> _Exercise goal_
Pick out all lines in the listing holding the string "mean" and copy them.

> _Given data_
****************
(* Let $w:\mathbb{R}\to(0,\infty)$ be a positive weighting function (depending on fixed parameters $\bm\theta$) such that $\int_{\mathbb{R}}k_s(y;x)w(y)\,\mathrm{d}y<\infty$ for all $x\in\mathbb{R}$ and $s>0$, where $k_s(\cdot;x)$ is the Gaussian density with mean $x$ and standard deviation $s$. Let $\sigma>0$. Define $$p_1(x\mid y,s,\bm\theta)=\frac{k_s(x;y)\,w(x)}{\int_{\mathbb{R}}k_s(z;y)\,w(z)\,\mathrm{d}z},\qquad p_2(x\mid y,\sigma,\bm\theta)=\int_{\mathbb{R}}p_1(x\mid z,\sigma,\bm\theta)\,p_1(z\mid y,\sigma,\bm\theta)\,\mathrm{d}z.$$ Then for all $x_1,x_2\in\mathbb{R}$, $$p_2(x_1\mid x_2,\sigma,\bm\theta)=p_1(x_1\mid x_2,\sqrt2\,\sigma,\bm\theta)\cdot v(x_1,x_2),$$ where $$v(x_1,x_2)=\frac{\int_{\mathbb{R}}k_{\sqrt2\sigma}(y;x_2)\,w(y)\,\mathrm{d}y}{\int_{\mathbb{R}}k_{\sigma}(y;x_2)\,w(y)\,\mathrm{d}y}\int_{\mathbb{R}}k_{\sigma/\sqrt2}\Bigl(z;\tfrac12(x_1+x_2)\Bigr)\frac{w(z)}{\int_{\mathbb{R}}k_\sigma(y;z)\,w(y)\,\mathrm{d}y}\,\mathrm{d}z.$$
   Context: $p_1$ is the one-step transition density of a one-dimensional discrete-time spatially-explicit random walk (Gaussian kernel times weighting function, renormalized), and $p_2$ is its two-step transition density. Here $x_1$ is the location at time $t$ and $x_2$ the location at time $t-2\tau$. *)

From HB Require Import structures.
From mathcomp Require Import all_boot all_order all_algebra.
From mathcomp Require Import all_classical all_reals all_analysis.
Set Implicit Arguments. Unset Strict Implicit. Unset Printing Implicit Defensive.
Import Order.TTheory GRing.Theory Num.Theory.
Import numFieldNormedType.Exports.
Local Open Scope classical_set_scope.
Local Open Scope ring_scope.

Section walk.
Context {R : realType}.
Notation mu := (@lebesgue_measure R).

(* k_s(y; x): Gaussian density at y with mean x and standard deviation s *)
Definition kern (s x y : R) : R := normal_pdf x s y.

(* normalising constant  Z_s(y) = \int k_s(z; y) w(z) dz  (finite by hypothesis) *)
Definition normc (w : R -> R) (s y : R) : R :=
  fine (\int[mu]_(z in [set: R]) (kern s y z * w z)%:E)%E.

Definition p1 (w : R -> R) (s x y : R) : R := kern s y x * w x / normc w s y.

Definition p2 (w : R -> R) (sigma x y : R) : \bar R :=
  (\int[mu]_(z in [set: R]) (p1 w sigma x z * p1 w sigma z y)%:E)%E.

Definition vfac (w : R -> R) (sigma x1 x2 : R) : \bar R :=
  ((normc w (Num.sqrt 2 * sigma) x2 / normc w sigma x2)%:E *
   \int[mu]_(z in [set: R])
      (kern (sigma / Num.sqrt 2) (2^-1 * (x1 + x2)) z * (w z / normc w sigma z))%:E)%E.
End walk.

From HB Require Import structures.
From mathcomp Require Import all_boot all_order all_algebra.
From mathcomp Require Import all_classical all_reals all_analysis.
From mathcomp Require Import measurable_realfun ring.
Import Order.TTheory GRing.Theory Num.Theory.
Local Open Scope classical_set_scope.
Local Open Scope ring_scope.

(** The product of the two Gaussian kernels in the integrand of [p2] factors
    as a Gaussian in [x1 - x2] with variance [2 sigma^2] times a Gaussian in
    the intermediate point [z], centred at the midpoint [(x1 + x2) / 2] with
    variance [sigma^2 / 2].  The first factor and the weights at the endpoints
    come out of the integral; what remains is exactly the integral in [v]. *)

Section gaussian.
Context {R : realType}.

Lemma normal_pdf_gt0 (m s x : R) : s != 0 -> 0 < normal_pdf m s x.
Proof.
move=> s0; rewrite normal_pdfE //.
by rewrite mulr_gt0 ?expR_gt0 ?normal_peak_gt0.
Qed.

Lemma normal_pdfM_midpoint (s x1 x2 z : R) : 0 < s ->
  normal_pdf z s x1 * normal_pdf x2 s z =
  normal_pdf x2 (Num.sqrt 2 * s) x1 *
  normal_pdf (2^-1 * (x1 + x2)) (s / Num.sqrt 2) z.
Proof.
move=> s0.
have r2 : 0 < Num.sqrt 2 :> R by rewrite sqrtr_gt0.
have r22 : Num.sqrt 2 ^+ 2 = 2 :> R by rewrite sqr_sqrtr.
have s_neq0 : s != 0 by rewrite gt_eqF.
have s2_neq0 : Num.sqrt 2 * s != 0 by rewrite mulf_neq0 // gt_eqF.
have s3_neq0 : s / Num.sqrt 2 != 0 by rewrite mulf_neq0 // ?invr_eq0 gt_eqF.
rewrite !normal_pdfE // /normal_peak /normal_fun.
have -> : (Num.sqrt 2 * s) ^+ 2 = 2 * s ^+ 2 by rewrite exprMn r22.
have -> : (s / Num.sqrt 2) ^+ 2 = s ^+ 2 / 2 by rewrite exprMn exprVn r22.
set a := s ^+ 2 * pi *+ 2.
have a0 : 0 < a by rewrite mulrn_wgt0 // mulr_gt0 ?exprn_gt0 ?pi_gt0.
have -> : 2 * s ^+ 2 * pi *+ 2 = 2 * a by rewrite /a; ring.
have -> : s ^+ 2 / 2 * pi *+ 2 = 2^-1 * a by rewrite /a; field.
rewrite mulrACA -expRD [RHS]mulrACA -expRD.
congr (_ * expR _).
  rewrite -!invfM -!sqrtrM ?mulr_ge0 ?invr_ge0 ?ltW //.
  by rewrite mulrACA mulfV ?pnatr_eq0 // mul1r.
by field.
Qed.

End gaussian.

Section positive_functions.
Context {R : realType}.
Notation mu := (@lebesgue_measure R).

(* On positive values, [x^-1 = expR (- ln x)], a composition of measurable maps. *)
Lemma measurable_funV_gt0 (f : R -> R) : (forall x, 0 < f x) ->
  measurable_fun [set: R] f -> measurable_fun [set: R] (fun x => (f x)^-1).
Proof.
move=> f_gt0 mf.
have -> : (fun x => (f x)^-1) = (fun x => expR (- ln (f x))).
  by apply/funext => x; rewrite expRN lnK // posrE.
apply: measurableT_comp; first exact: measurable_expR.
by apply: measurable_funN; apply: measurableT_comp => //; exact: measurable_ln.
Qed.

(* A vanishing integral would force [f = 0] almost everywhere, but [f] vanishes nowhere. *)
Lemma fine_integral_gt0 (f : R -> R) : (forall x, 0 < f x) ->
  measurable_fun [set: R] f ->
  (\int[mu]_(x in [set: R]) (f x)%:E < +oo)%E ->
  0 < fine (\int[mu]_(x in [set: R]) (f x)%:E)%E.
Proof.
move=> f_gt0 mf fin.
have int_ge0 : (0 <= \int[mu]_(x in [set: R]) (f x)%:E)%E.
  by apply: integral_ge0 => x _; rewrite lee_fin ltW.
apply: fine_gt0; rewrite fin andbT lt_neqAle int_ge0 andbT.
apply/eqP => int0.
have abs_int0 : (\int[mu]_(x in [set: R]) `|(f x)%:E|)%E = 0%R.
  by rewrite [RHS]int0; apply: eq_integral => x _; rewrite gee0_abs // lee_fin ltW.
have mEf := (measurable_EFinP [set: R] f).2 mf.
have [N [mN N0 sub]] := (ae_eq_integral_abs mu measurableT mEf).1 abs_int0.
have : (mu `[0%R, 1%R]%classic <= mu N)%E.
  apply: le_measure; rewrite ?inE //.
  move=> x _; apply: sub => /= fx0; have := fx0 I => /= [[]] /eqP.
  by rewrite gt_eqF.
by rewrite N0 lebesgue_measure_itv /= lte_fin ltr01 /= sube0 lee_fin ler10.
Qed.

End positive_functions.

Section weighted_walk.
Context {R : realType} {w : R -> R}.
Notation mu := (@lebesgue_measure R).
Hypothesis w_gt0 : forall x, 0 < w x.
Hypothesis w_meas : measurable_fun [set: R] w.
Hypothesis w_int : forall x s, 0 < s ->
  (\int[mu]_(y in [set: R]) (kern s x y * w y)%:E < +oo)%E.

Lemma measurable_kern_weight (s x : R) :
  measurable_fun [set: R] (fun y => kern s x y * w y).
Proof. by apply: measurable_funM => //; exact: measurable_normal_pdf. Qed.

Lemma normc_gt0 (s x : R) : 0 < s -> 0 < normc w s x.
Proof.
move=> s_gt0; apply: fine_integral_gt0; last exact: w_int.
- by move=> y; rewrite mulr_gt0 ?normal_pdf_gt0 ?gt_eqF.
- exact: measurable_kern_weight.
Qed.

(* The joint integrand is nonnegative and measurable, so Tonelli gives the
   measurability of its partial integral. *)
Lemma measurable_normc (s : R) : 0 < s -> measurable_fun [set: R] (normc w s).
Proof.
move=> s_gt0.
pose f (p : R * R) := (kern s p.1 p.2 * w p.2)%:E.
have kernE : (fun p : R * R => kern s p.1 p.2) =
             (fun p : R * R => normal_pdf 0 s (p.2 - p.1)).
  apply/funext => p.
  by rewrite /kern !normal_pdfE ?gt_eqF // /normal_fun subr0.
have mf : measurable_fun [set: R * R] f.
  apply/measurable_EFinP; apply: measurable_funM.
  - rewrite kernE; apply: measurableT_comp; first exact: measurable_normal_pdf.
    exact: measurable_funB measurable_snd measurable_fst.
  - exact: measurableT_comp w_meas measurable_snd.
have f_ge0 p : (0 <= f p)%E.
  by rewrite lee_fin mulr_ge0 ?normal_pdf_ge0 ?ltW.
apply: (measurableT_comp (fine_measurable measurableT)).
exact: (measurable_fun_fubini_tonelli_F (m2 := mu) f mf f_ge0).
Qed.

Lemma p1_mul_p1 (s x1 x2 z : R) : 0 < s ->
  p1 w s x1 z * p1 w s z x2 =
  p1 w (Num.sqrt 2 * s) x1 x2 *
    (normc w (Num.sqrt 2 * s) x2 / normc w s x2) *
    (kern (s / Num.sqrt 2) (2^-1 * (x1 + x2)) z * (w z / normc w s z)).
Proof.
move=> s_gt0.
have s2_gt0 : 0 < Num.sqrt 2 * s by rewrite mulr_gt0 ?sqrtr_gt0.
have Z2_neq0 : normc w (Num.sqrt 2 * s) x2 != 0 by rewrite gt_eqF ?normc_gt0.
have Zx_neq0 : normc w s x2 != 0 by rewrite gt_eqF ?normc_gt0.
have Zz_neq0 : normc w s z != 0 by rewrite gt_eqF ?normc_gt0.
have gaussE := normal_pdfM_midpoint _ x1 x2 z s_gt0.
rewrite /p1 /kern; move: gaussE Z2_neq0 Zx_neq0 Zz_neq0.
(* Abstracting the transcendental factors keeps [ring] and [field] fast. *)
move: (normal_pdf z s x1) (normal_pdf x2 s z) => N1 N2.
move: (normal_pdf x2 _ x1) (normal_pdf _ (s / _) z) => N3 N4.
move: (normc w _ x2) (normc w s x2) (normc w s z) => Z2 Zx Zz.
move=> gaussE Z2_neq0 Zx_neq0 Zz_neq0.
transitivity (N1 * N2 * (w x1 * w z / Zz / Zx)); first by ring.
by rewrite gaussE; field; apply/and3P.
Qed.

End weighted_walk.

Theorem proposition1 (R : realType) (w : R -> R) (sigma : R)
  (w_pos : forall x, 0 < w x)
  (w_meas : measurable_fun [set: R] w)
  (w_int : forall x s, 0 < s ->
     (\int[@lebesgue_measure R]_(y in [set: R]) (kern s x y * w y)%:E < +oo)%E)
  (sigma_pos : 0 < sigma) :
  forall x1 x2 : R,
    p2 w sigma x1 x2 = ((p1 w (Num.sqrt 2 * sigma) x1 x2)%:E * vfac w sigma x1 x2)%E.
Proof.
move=> x1 x2.
have Z_gt0 := normc_gt0 w_pos w_meas w_int.
have s2_gt0 : 0 < Num.sqrt 2 * sigma by rewrite mulr_gt0 ?sqrtr_gt0.
pose C := p1 w (Num.sqrt 2 * sigma) x1 x2 *
  (normc w (Num.sqrt 2 * sigma) x2 / normc w sigma x2).
pose g z := kern (sigma / Num.sqrt 2) (2^-1 * (x1 + x2)) z * (w z / normc w sigma z).
have C_ge0 : 0 <= C.
  by rewrite /C /p1 !mulr_ge0 ?invr_ge0 ?normal_pdf_ge0 ?ltW ?Z_gt0.
have g_ge0 z : (0 <= (g z)%:E)%E.
  by rewrite lee_fin /g !mulr_ge0 ?invr_ge0 ?normal_pdf_ge0 ?ltW ?Z_gt0.
have mg : measurable_fun [set: R] (fun z => (g z)%:E).
  apply/measurable_EFinP; apply: measurable_funM; first exact: measurable_normal_pdf.
  apply: measurable_funM => //; apply: measurable_funV_gt0.
  - by move=> z; exact: Z_gt0.
  - exact: measurable_normc.
rewrite /p2 /vfac.
transitivity (\int[@lebesgue_measure R]_(z in [set: R]) (C%:E * (g z)%:E))%E.
  by apply: eq_integral => z _; rewrite (p1_mul_p1 w_pos w_meas w_int) // EFinM.
by rewrite ge0_integralZl_EFin // muleA -EFinM.
Qed.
****************
> _Answer box_
(* Let $w:\mathbb{R}\to(0,\infty)$ be a positive weighting function (depending on fixed parameters $\bm\theta$) such that $\int_{\mathbb{R}}k_s(y;x)w(y)\,\mathrm{d}y<\infty$ for all $x\in\mathbb{R}$ and $s>0$, where $k_s(\cdot;x)$ is the Gaussian density with mean $x$ and standard deviation $s$. Let $\sigma>0$. Define $$p_1(x\mid y,s,\bm\theta)=\frac{k_s(x;y)\,w(x)}{\int_{\mathbb{R}}k_s(z;y)\,w(z)\,\mathrm{d}z},\qquad p_2(x\mid y,\sigma,\bm\theta)=\int_{\mathbb{R}}p_1(x\mid z,\sigma,\bm\theta)\,p_1(z\mid y,\sigma,\bm\theta)\,\mathrm{d}z.$$ Then for all $x_1,x_2\in\mathbb{R}$, $$p_2(x_1\mid x_2,\sigma,\bm\theta)=p_1(x_1\mid x_2,\sqrt2\,\sigma,\bm\theta)\cdot v(x_1,x_2),$$ where $$v(x_1,x_2)=\frac{\int_{\mathbb{R}}k_{\sqrt2\sigma}(y;x_2)\,w(y)\,\mathrm{d}y}{\int_{\mathbb{R}}k_{\sigma}(y;x_2)\,w(y)\,\mathrm{d}y}\int_{\mathbb{R}}k_{\sigma/\sqrt2}\Bigl(z;\tfrac12(x_1+x_2)\Bigr)\frac{w(z)}{\int_{\mathbb{R}}k_\sigma(y;z)\,w(y)\,\mathrm{d}y}\,\mathrm{d}z.$$
(* k_s(y; x): Gaussian density at y with mean x and standard deviation s *)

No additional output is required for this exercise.